Materials provided: Begin

Lemma antilinear_comp_calg_morph (R : realType) (A : algType R[i]) (s1 s2 : A -> A) :
  antilinear_morph s1 -> antilinear_morph s2 -> calg_morph (fun x => s1 (s2 x)).
Proof.
move=> s1_al s2_al; split; [|split].
- by move=> k x y; rewrite s2_al.1 s1_al.1 conjCK.
- by move=> x y; rewrite s2_al.2.1 s1_al.2.1.
- by rewrite s2_al.2.2 s1_al.2.2.
Qed.

Section CliffordMap.
Variables (R : realType) (V : vectType R) (Q : V -> R) (B : algType R[i]) (f : V -> B).
Hypothesis f_cl : clifford_map Q f.

Lemma clifford_mapD u v : f (u + v) = f u + f v.
Proof. by have := f_cl.1 1 u v; rewrite rmorph1 !scale1r. Qed.

Lemma clifford_map0 : f 0 = 0.
Proof. by apply: (addrI (f 0)); rewrite -clifford_mapD !addr0. Qed.

Lemma clifford_mapZ a v : f (a *: v) = (a%:C)%C *: f v.
Proof. by have := f_cl.1 a v 0; rewrite !addr0 clifford_map0 addr0. Qed.

Lemma clifford_mapN v : f (- v) = - f v.
Proof. by rewrite -scaleN1r clifford_mapZ rmorphN1 scaleN1r. Qed.

Lemma clifford_mapB u v : f (u - v) = f u - f v.
Proof. by rewrite clifford_mapD clifford_mapN. Qed.

Lemma clifford_map_sqr_inj u v : f u * f u = f v * f v -> Q u = Q v.
Proof. by rewrite !f_cl.2 => /(fmorph_inj (in_alg B)) /complexI. Qed.

Lemma clifford_map_inj : nondegenerate_qf Q -> injective f.
Proof.
move=> Q_nd u v fuv; apply/eqP; rewrite -subr_eq0; apply/eqP/Q_nd => w.
have f0 : f (u - v) = 0 by rewrite clifford_mapB fuv subrr.
have Q0 : Q 0 = 0.
  apply/complexI/(fmorph_inj (in_alg B)).
  by rewrite /= -f_cl.2 clifford_map0 mul0r rmorph0 scale0r.
have Quvw : Q (u - v + w) = Q w by apply: clifford_map_sqr_inj; rewrite clifford_mapD f0 add0r.
have Quv : Q (u - v) = 0 by rewrite -Q0; apply: clifford_map_sqr_inj; rewrite f0 clifford_map0.
by rewrite /polarQ Quvw Quv subr0 subrr mul0r.
Qed.
End CliffordMap.

Lemma calg_morph_clifford_map (R : realType) (V : vectType R) (Q : V -> R)
    (A B : algType R[i]) (f : V -> A) (g : A -> B) :
  clifford_map Q f -> calg_morph g -> clifford_map Q (fun v => g (f v)).
Proof.
move=> f_cl [g_lin [g_mul g1]].
have gD x y : g (x + y) = g x + g y by have := g_lin 1 x y; rewrite !scale1r.
have g0 : g 0 = 0 by apply: (addrI (g 0)); rewrite -gD !addr0.
split=> [a u v|v]; first by rewrite f_cl.1 g_lin.
by rewrite -g_mul f_cl.2 -[_%:A]addr0 g_lin g0 g1 addr0.
Qed.

Lemma complexified_clifford_morph_eq (R : realType) (V : vectType R) (Q : V -> R)
    (A : algType R[i]) (j : V -> A) (c : A -> A) (B : algType R[i]) (g1 g2 : A -> B) :
  complexified_clifford Q j c -> calg_morph g1 -> calg_morph g2 ->
  (forall v, g1 (j v) = g2 (j v)) -> g1 =1 g2.
Proof.
move=> [j_cl [univ _]] g1_morph g2_morph g12 x.
have [g [_ [_ g_uniq]]] := univ B _ (calg_morph_clifford_map j_cl g1_morph).
by rewrite (g_uniq _ g1_morph (fun=> erefl)) (g_uniq _ g2_morph).
Qed.

Section ComplexSpan.
Variables (R : realType) (V : vectType R) (Q : V -> R) (A : algType R[i]) (j : V -> A).
Hypothesis j_cl : clifford_map Q j.

Lemma VC_j v : VC j (j v).
Proof. by exists v, 0; rewrite (clifford_map0 j_cl) scaler0 addr0. Qed.

Lemma VCD x y : VC j x -> VC j y -> VC j (x + y).
Proof.
move=> [v [w ->]] [v' [w' ->]]; exists (v + v'), (w + w').
by rewrite !(clifford_mapD j_cl) scalerDr addrACA.
Qed.

Lemma VCZ k x : VC j x -> VC j (k *: x).
Proof.
move=> [v [w ->]]; case: k => a b; rewrite [(_ +i* _)%C]complex.complexE /= scalerDl -scalerA.
have VCZr (r : R) u u' : VC j ((r%:C)%C *: (j u + 'i%C *: j u')).
  by exists (r *: u), (r *: u'); rewrite !(clifford_mapZ j_cl) scalerDr scalerA mulrC -scalerA.
have VCZi u u' : VC j ('i%C *: (j u + 'i%C *: j u')).
  exists (- u'), u; rewrite (clifford_mapN j_cl) scalerDr scalerA -expr2 sqr_i scaleN1r.
  exact: addrC.
apply: VCD; first exact: VCZr.
have [u [u' ->]] := VCZr b v w; exact: VCZi.
Qed.

Section ConjugationFixingV.
Variable c : A -> A.
Hypotheses (c_al : antilinear_morph c) (c_j : forall v, c (j v) = j v).

Lemma conj_VC v w : c (j v + 'i%C *: j w) = j v - 'i%C *: j w.
Proof. by rewrite (antilinearD c_al) (antilinearZ c_al) !c_j conj_i scaleNr. Qed.

Lemma VC_conj x : VC j x -> VC j (c x).
Proof.
move=> [v [w ->]]; exists v, (- w).
by rewrite conj_VC (clifford_mapN j_cl) scalerN.
Qed.

Lemma VC_conj_fixed x : VC j x -> c x = x -> exists w, x = j w.
Proof.
move=> [v [w ->]]; rewrite conj_VC => /addrI /esym /eqP.
rewrite -subr_eq0 opprK -mulr2n -scaler_nat scalerA scaler_eq0 mulf_eq0.
rewrite pnatr_eq0 (negbTE (i_neq0 R)) /= => /eqP jw0.
by exists v; rewrite jw0 scaler0 addr0.
Qed.

End ConjugationFixingV.

End ComplexSpan.

Section QuadraticForm.
Variables (R : realType) (V : vectType R) (Q : V -> R).
Hypothesis Q_qf : is_quadratic_form Q.

Lemma quadratic_form0 : Q 0 = 0.
Proof. by have := Q_qf.1 0 0; rewrite scale0r expr0n mul0r. Qed.

Lemma quadratic_formN v : Q (- v) = Q v.
Proof. by rewrite -scaleN1r Q_qf.1 sqrrN expr1n mul1r. Qed.

Lemma polarQ_eq0 u v : Q (u + v) = Q (u - v) -> polarQ Q u v = 0.
Proof.
move=> Quv; have := Q_qf.2 (-1) v 0 u.
rewrite scaleN1r addr0 /polarQ add0r quadratic_form0 quadratic_formN.
rewrite [- v + u]addrC [v + u]addrC -Quv; lra.
Qed.

End QuadraticForm.

Section OrthogonalSymmetry.
Variables (R : realType) (V : vectType R) (s : V -> V).
Hypothesis s_lin : forall (a : R) (u v : V), s (a *: u + v) = a *: s u + s v.
HB.instance Definition _ := GRing.isLinear.Build R V V *:%R s s_lin.

Lemma involution_eigen_decomposition v : (forall v, s (s v) = v) ->
  exists a b, [/\ s a = a, s b = - b & v = a + b].
Proof.
move=> s_inv; exists (2^-1 *: (v + s v)), (2^-1 *: (v - s v)).
rewrite !linearZ /= raddfD raddfB /= s_inv addrC opprB; split=> //.
by rewrite -scalerDr addrACA subrr addr0 -mulr2n -scaler_nat scalerA mulVf ?scale1r ?pnatr_eq0.
Qed.

Lemma isometry_eigen_orthogonal (Q : V -> R) a b :
  is_quadratic_form Q -> (forall v, Q (s v) = Q v) -> s a = a -> s b = - b ->
  polarQ Q a b = 0.
Proof.
move=> Q_qf s_iso sa sb; apply: polarQ_eq0 => //.
by rewrite -s_iso raddfD /= sa sb.
Qed.

End OrthogonalSymmetry.

Section RealStructure.
Variables (R : realType) (V : vectType R) (Q : V -> R) (A : algType R[i]).
Variables (j : V -> A) (sigma : A -> A).
Hypotheses (j_cl : clifford_map Q j) (sigma_rs : real_structure j sigma).

Let sigma_al : antilinear_morph sigma := sigma_rs.1.
Let sigmaK : forall x, sigma (sigma x) = x := sigma_rs.2.1.
Let sigma_VC : forall x, VC j x -> VC j (sigma x) := sigma_rs.2.2.

Lemma Vsigma_decomposition z : VC j z ->
  exists p q, [/\ Vsigma j sigma p, Vsigma j sigma q & z = p + 'i%C *: q].
Proof.
move=> VCz; have VCsz := sigma_VC VCz.
have conj_half : (2^-1 : R[i])^* = 2^-1 by rewrite fmorphV; congr (_^-1); exact: conjC_nat.
exists (2^-1 *: (z + sigma z)), (2^-1 *: ('i%C *: (sigma z - z))); split.
- split; first exact/(VCZ j_cl)/(VCD j_cl).
  by rewrite (antilinearZ sigma_al) (antilinearD sigma_al) sigmaK conj_half addrC.
- split.
    apply/(VCZ j_cl)/(VCZ j_cl)/(VCD j_cl) => //.
    by rewrite -scaleN1r; apply: (VCZ j_cl).
  rewrite !(antilinearZ sigma_al) (antilinearB sigma_al) sigmaK conj_half conj_i.
  by rewrite scaleNr -scalerN opprB.
- rewrite !scalerA mulrAC -expr2 sqr_i mulN1r scaleNr -scalerN opprB -scalerDr.
  by rewrite addrACA subrr addr0 -mulr2n -scalerMnr scalerMnl -mulr_natr mulVf ?scale1r ?pnatr_eq0.
Qed.

Lemma VplusE v : Vplus j sigma v <-> sigma (j v) = j v.
Proof. by split=> [[] //|sjv]; split=> //; apply: (VC_j j_cl). Qed.

Lemma VminusE v : Vminus j sigma v <-> sigma (j v) = - j v.
Proof.
split=> [[y [[_ sy] ->]]|sjv].
  by rewrite (antilinearZ sigma_al) sy conj_i scaleNr.
exists ('i%C *: j (- v)); split; first split.
- exact/(VCZ j_cl)/(VC_j j_cl).
- rewrite (antilinearZ sigma_al) (clifford_mapN j_cl) (antilinearN sigma_al) sjv.
  by rewrite conj_i scaleNr opprK scalerN.
- by rewrite (scalerA ('i%C : R[i])) -expr2 sqr_i scaleN1r (clifford_mapN j_cl) opprK.
Qed.

Definition sigma_stabilizes_V : Prop := forall v : V, exists w : V, sigma (j v) = j w.

Definition sigma_orthogonal_symmetry : Prop := exists s : V -> V,
  (forall (a : R) (u v : V), s (a *: u + v) = a *: s u + s v) /\
  (forall v, Q (s v) = Q v) /\ (forall v, s (s v) = v) /\
  (forall v, sigma (j v) = j (s v)).

Definition Vplus_Vminus_orthogonal_splitting : Prop :=
  (forall v : V, exists a b : V, [/\ Vplus j sigma a, Vminus j sigma b & v = a + b]) /\
  (forall v : V, Vplus j sigma v -> Vminus j sigma v -> v = 0) /\
  (forall a b : V, Vplus j sigma a -> Vminus j sigma b -> polarQ Q a b = 0).

Hypothesis Q_nd : nondegenerate_qf Q.

Lemma sigma_stabilizes_V_orthogonal_symmetry :
  sigma_stabilizes_V <-> sigma_orthogonal_symmetry.
Proof.
split=> [sigmaV | [s [_ [_ [_ sigma_j]]]] v]; last by exists (s v).
have j_inj := clifford_map_inj j_cl Q_nd.
have /all_sig [s sigma_j] v : {w | sigma (j v) = j w} := sig_eqW (sigmaV v).
exists s; split; [|split; [|split]] => // [a u v | v | v].
- apply: j_inj; rewrite -sigma_j !j_cl.1 (antilinearD sigma_al) (antilinearZr sigma_al).
  by rewrite !sigma_j.
- apply: (clifford_map_sqr_inj j_cl).
  by rewrite -!sigma_j -sigma_al.2.1 j_cl.2 (antilinearZr sigma_al) sigma_al.2.2.
- by apply: j_inj; rewrite -!sigma_j sigmaK.
Qed.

Materials provided: End

- **Try it**: If a line in the data contains the string "Definition", copy it.

- **Solution**:
HB.instance Definition _ := GRing.isLinear.Build R V V *:%R s s_lin.
Definition sigma_stabilizes_V : Prop := forall v : V, exists w : V, sigma (j v) = j w.
Definition sigma_orthogonal_symmetry : Prop := exists s : V -> V,
Definition Vplus_Vminus_orthogonal_splitting : Prop :=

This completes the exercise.